## REQUIRED WORK
Where the listing below reaches the line containing "equivariant v ->", start writing out lines exactly, and stop once the line containing "move=> ev sv" has been written.

## DATASET RECORDS
[Start of Attachment]

Lemma tgen_tideal (S : tfamily T) : is_tideal (tgen S).
Proof.
split.
  move=> H; split; first by move=> J hJ _; exact: (hJ.1 H).1.
  split; first by move=> a b Sa Sb J hJ SJ; apply: (hJ.1 H).2.1; [exact: Sa | exact: Sb].
  by move=> r a Sa J hJ SJ; apply: (hJ.1 H).2.2; exact: Sa.
split; first by move=> H K sHK a Sa J hJ SJ; apply: hJ.2.1 => //; exact: Sa.
split; first by move=> H K sHK a Sa J hJ SJ; apply: hJ.2.2.1 => //; exact: Sa.
split; first by move=> H K sHK a Sa J hJ SJ; apply: hJ.2.2.2.1 => //; exact: Sa.
by move=> H g a Sa J hJ SJ; apply: hJ.2.2.2.2 => //; exact: Sa.
Qed.

Lemma sub_tgen (S : tfamily T) H x : S H x -> tgen S H x.
Proof. by move=> Sx J _; apply. Qed.

Definition gens_family (s : seq {H : {group gT} & tam T (orbit H)}) : tfamily T :=
  fun K y => List.In (existT (fun K => tam T (orbit K)) K y) s.
Arguments gens_family s H _ : clear implicits.

Definition restricted_gens (s : seq {H : {group gT} & tam T (orbit H)}) : tfamily T :=
  fun S d => exists2 e, List.In e s &
    exists2 psi : orbit S -> orbit (projT1 e), equivariant psi & d = tres psi (projT2 e).
Arguments restricted_gens s H _ : clear implicits.

Lemma tgen_normal_form s H x :
  tgen (gens_family s) H x -> normal_form (restricted_gens s) x.
Proof.
move=> sx; apply: (sx _ (normal_form_tideal (restricted_gens s))) => K y sy.
apply: normal_form_orbitwise => S phi ephi.
by exists (existT _ K y) => //; exists phi.
Qed.

Lemma In_enum (U : finType) (x : U) : List.In x (enum U).
Proof.
have : x \in enum U by rewrite mem_enum.
elim: (enum U) => [//|y s IHs]; rewrite in_cons => /orP [/eqP ->|/IHs]; by [left|right].
Qed.

Definition equivariantb (X Y : gset gT) (f : {ffun X -> Y}) :=
  [forall x, [forall g, f (gact x g) == gact (f x) g]].

Definition orbit_maps (L S : {group gT}) : seq (orbit L -> orbit S) :=
  List.map (fun (f : {ffun orbit L -> orbit S}) x => f x)
    (List.filter (@equivariantb _ _) (enum {ffun orbit L -> orbit S})).

Lemma In_orbit_maps L S (phi : orbit L -> orbit S) :
  List.In phi (orbit_maps L S) <-> equivariant phi.
Proof.
rewrite List.in_map_iff; split=> [[f [<- /List.filter_In [_ /forallP ef]]] x g|ephi].
  exact/eqP/(forallP (ef x) g).
exists [ffun x => phi x]; split.
  by apply: functional_extensionality => x; rewrite ffunE.
apply/List.filter_In; split; first exact: In_enum.
by apply/forallP=> x; apply/forallP=> g; rewrite !ffunE ephi.
Qed.

Definition norm_res_gens (s : seq {H : {group gT} & tam T (orbit H)}) (S : {group gT}) :
    seq (tam T (orbit S)) :=
  List.flat_map (fun e => List.flat_map (fun L => List.flat_map (fun phi =>
    List.map (fun psi => tnm phi (tres psi (projT2 e))) (orbit_maps L (projT1 e)))
    (orbit_maps L S)) (enum {group gT})) s.

Lemma In_norm_res_gens s S y :
  List.In y (norm_res_gens s S) <->
  exists e (L : {group gT}) (phi : orbit L -> orbit S)
      (psi : orbit L -> orbit (projT1 e)),
    [/\ List.In e s, equivariant phi, equivariant psi
      & y = tnm phi (tres psi (projT2 e))].
Proof.
rewrite List.in_flat_map; split.
  move=> [e [se /List.in_flat_map [L [_ /List.in_flat_map [phi
    [/In_orbit_maps ephi /List.in_map_iff [psi [<- /In_orbit_maps epsi]]]]]]]].
  by exists e, L, phi, psi.
move=> [e [L [phi [psi [se ephi epsi ->]]]]]; exists e; split=> //.
apply/List.in_flat_map; exists L; split; first exact: In_enum.
apply/List.in_flat_map; exists phi; split; first exact/In_orbit_maps.
by apply/List.in_map_iff; exists psi; split=> //; apply/In_orbit_maps.
Qed.

Definition prod_gens (sI sJ : seq {H : {group gT} & tam T (orbit H)}) :
    seq {H : {group gT} & tam T (orbit H)} :=
  List.flat_map (fun S => List.flat_map (fun a =>
    List.map (fun b => existT (fun K => tam T (orbit K)) S (a * b)) (norm_res_gens sJ S))
    (norm_res_gens sI S)) (enum {group gT}).

Lemma In_prod_gens sI sJ z :
  List.In z (prod_gens sI sJ) <->
  exists S a b, [/\ List.In a (norm_res_gens sI S), List.In b (norm_res_gens sJ S)
    & z = existT (fun K => tam T (orbit K)) S (a * b)].
Proof.
rewrite List.in_flat_map; split.
  move=> [S [_ /List.in_flat_map [a [a_in /List.in_map_iff [b [<- b_in]]]]]].
  by exists S, a, b.
move=> [S [a [b [a_in b_in ->]]]]; exists S; split; first exact: In_enum.
by apply/List.in_flat_map; exists a; split=> //; apply/List.in_map_iff; exists b.
Qed.

Lemma norm_res_gens_tideal (I : tfamily T) s :
  is_tideal I -> (forall K y, gens_family s K y -> I K y) ->
  forall S a, List.In a (norm_res_gens s S) -> I S a.
Proof.
move=> hI sI S a /In_norm_res_gens [[K y] [L [phi [psi [se ephi epsi ->]]]]].
apply: (tideal_tnm_orbit_map ephi hI); apply: (tideal_tres_orbit_map epsi hI).
exact: sI.
Qed.

Lemma tres_tnm_restricted_gens s (W V : gset gT) (v : V -> W) (g : tam T V)
    (S : {group gT}) (k : orbit S -> W) :
  equivariant v -> surjective v -> equivariant k -> orbitwise (restricted_gens s) g ->
  exists b t, List.In b (norm_res_gens s S) /\ tres k (tnm v g) = b * t.
Proof.
move=> ev sv ek Bg; have e1 := pb1_equivariant ev ek; have e2 := pb2_equivariant ev ek.
rewrite (tnm_pullback ev ek e1 e2 (pullback_gset_is_pullback ev ek)).
have [L [k' [t [ek' ->]]]] := tnm_surjective_orbit (tres (pb1 ev ek) g) e2
  (pb2_surjective ev ek sv).
have [e se [psi epsi ->]] := orbitwise_tres e1 Bg ek'.
exists (tnm (pb2 ev ek \o k') (tres psi (projT2 e))), t; split=> //.
by apply/In_norm_res_gens; exists e, L, (pb2 ev ek \o k'), psi; split=> //;
  apply: equivariant_comp.
Qed.

(* [x] is a transfer, so it suffices to restrict to orbits, where each norm
   splits off an element of [norm_res_gens]. *)
Lemma product_form_tgen sI sJ (H : {group gT}) (x : tam T (orbit H)) :
  product_form (restricted_gens sI) (restricted_gens sJ) x ->
  tgen (gens_family (prod_gens sI sJ)) H x.
Proof.
move=> [W [V1 [V2 [w [v1 [v2 [r [g1 [g2 [[ew ev1 ev2 sv1 sv2] [Bg1 Bg2 ->]]]]]]]]]]].
have hQ := tgen_tideal (gens_family (prod_gens sI sJ)).
apply: (tideal_ttr_orbitwise hQ ew) => S k ek; rewrite !(tresM ek).
have [b1 [t1 [b1_in ->]]] := tres_tnm_restricted_gens ev1 sv1 ek Bg1.
have [b2 [t2 [b2_in ->]]] := tres_tnm_restricted_gens ev2 sv2 ek Bg2.
have -> : tres k r * (b1 * t1) * (b2 * t2) = tres k r * t1 * t2 * (b1 * b2) by ring.
apply: (hQ.1 S).2.2; apply: sub_tgen; apply/In_prod_gens.
by exists S, b1, b2.
Qed.

Lemma tprod_sub_tgen_prod_gens (I J : tfamily T) sI sJ :
  (forall H x, I H x -> tgen (gens_family sI) H x) ->
  (forall H x, J H x -> tgen (gens_family sJ) H x) ->
  forall H x, tprod I J H x -> tgen (gens_family (prod_gens sI sJ)) H x.
Proof.
move=> I_gen J_gen H x IJx; apply: (IJx _ (tgen_tideal _)) => K y [a [b [Ia [Jb ->]]]].
apply: product_form_tgen; apply: normal_form_mul; apply: tgen_normal_form.
  exact: I_gen.
exact: J_gen.
Qed.

Lemma tgen_prod_gens_sub_tprod (I J : tfamily T) sI sJ :
  is_tideal I -> is_tideal J ->
  (forall K y, gens_family sI K y -> I K y) ->
  (forall K y, gens_family sJ K y -> J K y) ->
  forall H x, tgen (gens_family (prod_gens sI sJ)) H x -> tprod I J H x.
Proof.
move=> hI hJ sI_I sJ_J H x Qx; apply: (Qx _ (tgen_tideal _)) => K y Ky.
suff gens_IJ z : List.In z (prod_gens sI sJ) -> tprod I J (projT1 z) (projT2 z).
  exact: (gens_IJ _ Ky).
case/In_prod_gens=> S [a [b [a_in b_in ->]]]; apply: sub_tgen; exists a, b.
by split; [exact: norm_res_gens_tideal hI sI_I _ _ a_in
  | split; [exact: norm_res_gens_tideal hJ sJ_J _ _ b_in |]].
Qed.

End Generators.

[End of Attachment]

## SOLUTION TO THIS EXERCISE
  equivariant v -> surjective v -> equivariant k -> orbitwise (restricted_gens s) g ->
  exists b t, List.In b (norm_res_gens s S) /\ tres k (tnm v g) = b * t.
Proof.
move=> ev sv ek Bg; have e1 := pb1_equivariant ev ek; have e2 := pb2_equivariant ev ek.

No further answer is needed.